Anyway, I too think that amounts (e.g. whole numbers) of stuff have to be relative to units of stuff. E.g. the deck of cards: it being given that it is a deck of cards, it is clearly a many, clearly 52 things. It is one deck (one collection, one many) and 52 cards, but of course it is also lots of molecules, 104 pictures, 4 suits, etc. The cards being ordinary objects, and the deck being the usual complete set of them, that example is both paradigmatic and deceptive.
...deceptive because one deck is the same thing, the same aggregation of physical stuff as its 52 cards, but not the same collection (given the axiom of extensionality), and yet our paradigm examples of collections are just such things as decks of cards! Mill's empiricist approach to numbers might be relevent; and I dimly recall something about Helmholtz, (but I'm less sure of that).

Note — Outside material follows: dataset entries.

(* Let $\mathcal{P}$ be a finite collection of parameterizations of vector cycles of length 5 in $\mathbb{Z}^3$. Then there exists some $t \in T$ that is not represented by any parameterization in $\mathcal{P}$.
   Context: $T$ is the set of positive integers $t \equiv 2 \pmod 4$ whose square-free part has at least one odd prime factor $p$ with $p \equiv 2 \pmod 3$. A parameterization of a vector cycle of length 5 in $\mathbb{Z}^3$ is a list of five vectors $w_1, \ldots, w_5$ whose coordinates are integer linear forms $\lambda x + \mu y$ ($\lambda, \mu \in \mathbb{Z}$) in two variables $x, y$, such that $w_1 + \cdots + w_5 = \mathbf{0}$ identically and the squared Euclidean norms $|w_1|^2, \ldots, |w_5|^2$ are all equal to one and the same binary quadratic form $F(x,y) = ax^2 + bxy + cy^2$. Such a parameterization represents a positive integer $t$ if there exist integers $x, y$ with $F(x,y) = t$ (i.e., substituting these $x,y$ yields five vectors of $\mathbb{Z}^3$, each of magnitude $\sqrt{t}$, summing to zero). *)

From mathcomp Require Import all_boot all_order all_algebra.
Set Implicit Arguments. Unset Strict Implicit. Unset Printing Implicit Defensive.
Import Order.TTheory GRing.Theory Num.Theory.
Local Open Scope ring_scope.

Definition linform := (int * int)%type.
Definition eval_lf (l : linform) (x y : int) : int := l.1 * x + l.2 * y.

(* A list of five vectors of Z^3 whose coordinates are linear forms:
   w i k is the k-th coordinate of w_(i+1). *)
Definition vec5param := 'I_5 -> 'I_3 -> linform.

Definition sqnorm (w : vec5param) (i : 'I_5) (x y : int) : int :=
  \sum_(k < 3) (eval_lf (w i k) x y) ^+ 2.

Definition binqf := (int * int * int)%type.
Definition eval_qf (F : binqf) (x y : int) : int :=
  F.1.1 * x ^+ 2 + F.1.2 * x * y + F.2 * y ^+ 2.

Definition is_cycle5_param (w : vec5param) (F : binqf) : Prop :=
  (forall (k : 'I_3) (x y : int), \sum_(i < 5) eval_lf (w i k) x y = 0) /\
  (forall (i : 'I_5) (x y : int), sqnorm w i x y = eval_qf F x y).

Definition represents (F : binqf) (t : nat) : Prop :=
  exists x y : int, eval_qf F x y = t%:Z.

Definition sqfree_part (t : nat) : nat :=
  (\prod_(p <- primes t) p ^ (odd (logn p t)))%N.

Definition inT (t : nat) : Prop :=
  ((0 < t) /\ t = 2 %[mod 4] /\
  exists p : nat, [/\ prime p, odd p, p %| sqfree_part t & p = 2 %[mod 3]])%N.

From mathcomp Require Import all_boot all_order all_algebra.
From mathcomp Require Import finfield zify ring.
Set Implicit Arguments. Unset Strict Implicit. Unset Printing Implicit Defensive.
Import Order.TTheory GRing.Theory Num.Theory.
Local Open Scope ring_scope.
(* For $N\in\mathbb{N}$ (so $N\ge1$) and $k\in\mathbb{N}\cup\{0\}$, \begin{align*} \mathrm{Ch}_{k+N,\lambda}(x)&=\lambda^{N}\sum_{r=1}^{N}\sum_{i=0}^{r}a^{(\lambda)}_{i,r-i}(N,x)\,\lambda^{-r}2^{-i}\sum_{m+n+a=k}\binom{k}{m,n,a}\Bigl(-\tfrac12\Bigr)^{m}(-1)^{n}(i+m-1)_m\,(r+n-i-1)_n\\ &\qquad\times\sum_{l+e+f+s=a}(-1)^{l}\lambda^{a-s}\frac{\binom{a}{l,e,f,s}}{\binom{e+m}{m}\binom{f+n}{n}}\,(N+l-1)_l\,S_1(e+m,m)\,S_1(f+n,n)\,\mathrm{Ch}_{s,\lambda}(x), \end{align*} where the inner sums run over nonnegative integers, and for $1\le r\le N$, $0\le i\le r$, \[ a^{(\lambda)}_{i,r-i}(N,x)=(-1)^{N+i-r}\, i!\, S_{1,i-1}(r-i)\,(N-1)!\,H_{N-1,r-1}\,(x)_{r-i}. \]
   Context: Let $\lambda\neq0$. The $\lambda$-Changhee (degenerate Changhee) polynomials $\mathrm{Ch}_{n,\lambda}(x)$ are defined by \[ \frac{2\lambda}{2\lambda+\log(1+\lambda t)}\Bigl(1+\frac{\log(1+\lambda t)}{\lambda}\Bigr)^{x}=\sum_{n=0}^{\infty}\mathrm{Ch}_{n,\lambda}(x)\frac{t^n}{n!}. \] $(y)_0=1$ and $(y)_n=y(y-1)\cdots(y-n+1)$ for $n\ge1$ (falling factorial; in particular $(n-1)_n=0$ for $n\ge1$). $S_1(n,l)$ are the Stirling numbers of the first kind, defined by $(y)_n=\sum_{l=0}^n S_1(n,l)y^l$. Multinomial coefficients $\binom{k}{m,n,a}=\frac{k!}{m!\,n!\,a!}$, etc. Generalized harmonic numbers: $H_{N,0}=1$ for all integers $N\ge 0$; $H_{N,1}=1+\frac12+\cdots+\frac1N$ for $N\ge1$; and for $2\le j\le N$, $H_{N,j}=\frac{H_{N-1,j-1}}{N}+\frac{H_{N-2,j-1}}{N-1}+\cdots+\frac{H_{j-1,j-1}}{j}$. Generalized Changhee power sums (for $k=1$), for integers $N\ge0$: $S_{1,-1}(N)=1$, $S_{1,0}(N)=N+1$, $S_{1,j}(N)=\sum_{l=0}^{N}S_{1,j-1}(l)$ for $j\ge1$. *)

From HB Require Import structures.
From mathcomp Require Import all_boot all_order all_algebra.
Set Implicit Arguments. Unset Strict Implicit. Unset Printing Implicit Defensive.
Import Order.TTheory GRing.Theory Num.Theory.
Local Open Scope ring_scope.

Definition ffact (R : numFieldType) (y : R) (n : nat) : R :=
  \prod_(k < n) (y - k%:R).

Definition stirling1 (n l : nat) : int :=
  (\prod_(k < n) ('X - (k%:Z)%:P) : {poly int})`_l.

Fixpoint harm (R : numFieldType) (j N : nat) {struct j} : R :=
  match j with
  | 0 => 1
  | j'.+1 => \sum_(j'.+1 <= k < N.+1) harm R j' k.-1 / k%:R
  end.
Definition H (R : numFieldType) (N j : nat) : R := harm R j N.

(* Generalized Changhee power sums with SHIFTED index:
   chps i N = S_{1,i-1}(N).  So chps 0 N = S_{1,-1}(N) = 1 and
   chps (i+1) N = \sum_{l=0}^{N} chps i l  (giving chps 1 N = N+1). *)
Fixpoint chps (i N : nat) {struct i} : nat :=
  match i with
  | 0 => 1
  | i'.+1 => \sum_(l < N.+1) chps i' l
  end.

(* Truncation (up to degree n) of the power series log(1 + lam t)
   = \sum_{k>=1} (-1)^{k-1} lam^k t^k / k. *)
Definition logtr (R : numFieldType) (lam : R) (n : nat) : {poly R} :=
  \sum_(1 <= k < n.+1) (((-1) ^+ k.-1 * lam ^+ k / k%:R) *: 'X^k).

(* The generating function
     2 lam / (2 lam + log(1+lam t)) * (1 + log(1+lam t)/lam)^x
   as a formal power series, with L = log(1+lam t) (no constant term):
     2 lam / (2 lam + L) = \sum_j (- L/(2 lam))^j,
     (1 + L/lam)^x       = \sum_j binom(x,j) (L/lam)^j,  binom(x,j) = (x)_j/j!.
   Truncating L and both sums at degree n leaves the coefficients of
   t^0..t^n unchanged. *)
Definition chgen (R : numFieldType) (lam x : R) (n : nat) : {poly R} :=
  (\sum_(j < n.+1) ((- (2 * lam)^-1) ^+ j *: (logtr lam n) ^+ j)) *
  (\sum_(j < n.+1) ((ffact x j / j`!%:R * lam ^- j) *: (logtr lam n) ^+ j)).

Definition Ch (R : numFieldType) (n : nat) (lam x : R) : R :=
  n`!%:R * (chgen lam x n)`_n.

Definition acoef (R : numFieldType) (i r N : nat) (x : R) : R :=
  (-1) ^+ (N + i - r) * i`!%:R * (chps i (r - i))%:R * (N.-1)`!%:R
  * H R N.-1 r.-1 * ffact x (r - i).

Definition multi3 (R : numFieldType) (k m n a : nat) : R :=
  k`!%:R / (m`!%:R * n`!%:R * a`!%:R).
Definition multi4 (R : numFieldType) (a l e f s : nat) : R :=
  a`!%:R / (l`!%:R * e`!%:R * f`!%:R * s`!%:R).

From HB Require Import structures.
From mathcomp Require Import all_boot all_order all_algebra.
From mathcomp.algebra_tactics Require Import ring.
From mathcomp Require Import zify.
Import Order.TTheory GRing.Theory Num.Theory.
Local Open Scope ring_scope.

(* Write [u = log(1 + lam t) / lam]; the generating function is [G = P E] with
   [P = 1 / (1 + u/2)] and [E = (1 + u)^x].  Put [W = u' = 1 / (1 + lam t)] and
   [Q = 1 / (1 + u)].  Then [W' = - lam W^2], [P' = - W P^2 / 2], [Q' = - W Q^2]
   and [E' = x W Q E], so differentiating a monomial [W^N P^i Q^j G] gives a
   combination of monomials [W^(N+1) P^i' Q^j' G].  Hence
   [G^(N) = sum lam^(N-i-j) 2^-i a_{i,j}(N, x) W^N P^i Q^j G], the coefficients
   being identified through the three-term recurrence they satisfy.  Since
   [Ch_(k+N) = k! [t^k] G^(N)], the formula follows by expanding [P^i] and [Q^j]
   in powers of [u], [u^m] in powers of [t] (Stirling numbers of the first kind)
   and [W^N] as a negative binomial series.  All series are polynomials truncated
   at a fixed degree: [p = q %[modX n]] says that [p] and [q] agree below degree [n]. *)

Definition eqmodX {R : nzSemiRingType} (n : nat) (p q : {poly R}) :=
  forall i, (i < n)%N -> p`_i = q`_i.

Notation "p = q %[modX n ]" := (eqmodX n p q)
  (at level 70, q at next level, format "p  =  q  %[modX  n ]") : ring_scope.

Section TruncatedEquality.
Context {R : comNzRingType}.
Implicit Types (p q g u : {poly R}) (n : nat).

Lemma eqmodX_refl n p : p = p %[modX n].
Proof. by []. Qed.

Lemma eqmodX_eq {n p q} : p = q -> p = q %[modX n].
Proof. by move->. Qed.

Lemma eqmodX_trans {n p q r} : p = q %[modX n] -> q = r %[modX n] -> p = r %[modX n].
Proof. by move=> h1 h2 i hi; rewrite h1 // h2. Qed.

Lemma eqmodXW m {n p q} : (m <= n)%N -> p = q %[modX n] -> p = q %[modX m].
Proof. by move=> hmn h i hi; apply: h; apply: leq_trans hmn. Qed.

Lemma eqmodXD {n p q p' q'} :
  p = p' %[modX n] -> q = q' %[modX n] -> p + q = p' + q' %[modX n].
Proof. by move=> h1 h2 i hi; rewrite !coefD h1 ?h2. Qed.

Lemma eqmodXZ c {n p p'} : p = p' %[modX n] -> c *: p = c *: p' %[modX n].
Proof. by move=> h i hi; rewrite !coefZ h. Qed.

Lemma eqmodXMn k {n p p'} : p = p' %[modX n] -> p *+ k = p' *+ k %[modX n].
Proof. by move=> h i hi; rewrite !coefMn h. Qed.

Lemma eqmodXM {n p q p' q'} :
  p = p' %[modX n] -> q = q' %[modX n] -> p * q = p' * q' %[modX n].
Proof.
move=> h1 h2 i hi; rewrite !coefM; apply: eq_bigr => j _.
by rewrite h1 ?h2 //; have := ltn_ord j; lia.
Qed.

Lemma eqmodXMl p {n q q'} : q = q' %[modX n] -> p * q = p * q' %[modX n].
Proof. exact: eqmodXM (eqmodX_refl n p). Qed.

Lemma eqmodXMr q {n p p'} : p = p' %[modX n] -> p * q = p' * q %[modX n].
Proof. by move=> h; apply: eqmodXM h (eqmodX_refl n q). Qed.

Hi enigman, thanks for your comment. I think we agree that there is a lot of intuitive force behind the numbers-being-relative-to-units view. But it seems we can apply Leibniz's law to raise some difficult questions for it. For if the deck is really identical to the cards, Leibniz’s Law says all of their properties ought to be the same. Yet as you say in your second post, “ […] one deck is the same thing, the same aggregation of physical stuff as its 52 cards, but not the same collection (given the axiom of extensionality) […]”
My question is: Is the deck a collection? If it is, and if it is identical to the 52 cards, then a) the 52 cards are a collection and b) they are the same collection as the deck. If the cards weren’t a collection, or if they weren’t the same collection as the deck, they couldn’t literally be identical to it, because the deck is surely the same collection as itself. So if you’re right in saying the deck and the cards aren’t the same collection, they can’t be the same aggregation of physical stuff either if being the same aggregation entails numerical identity. I think we should probably shift to a weaker view in which composition is different from identity. We can say that the deck is composed of 52 cards, or that a given card is composed of so many molecules, but they are not identical to the things which compose them because they have different properties.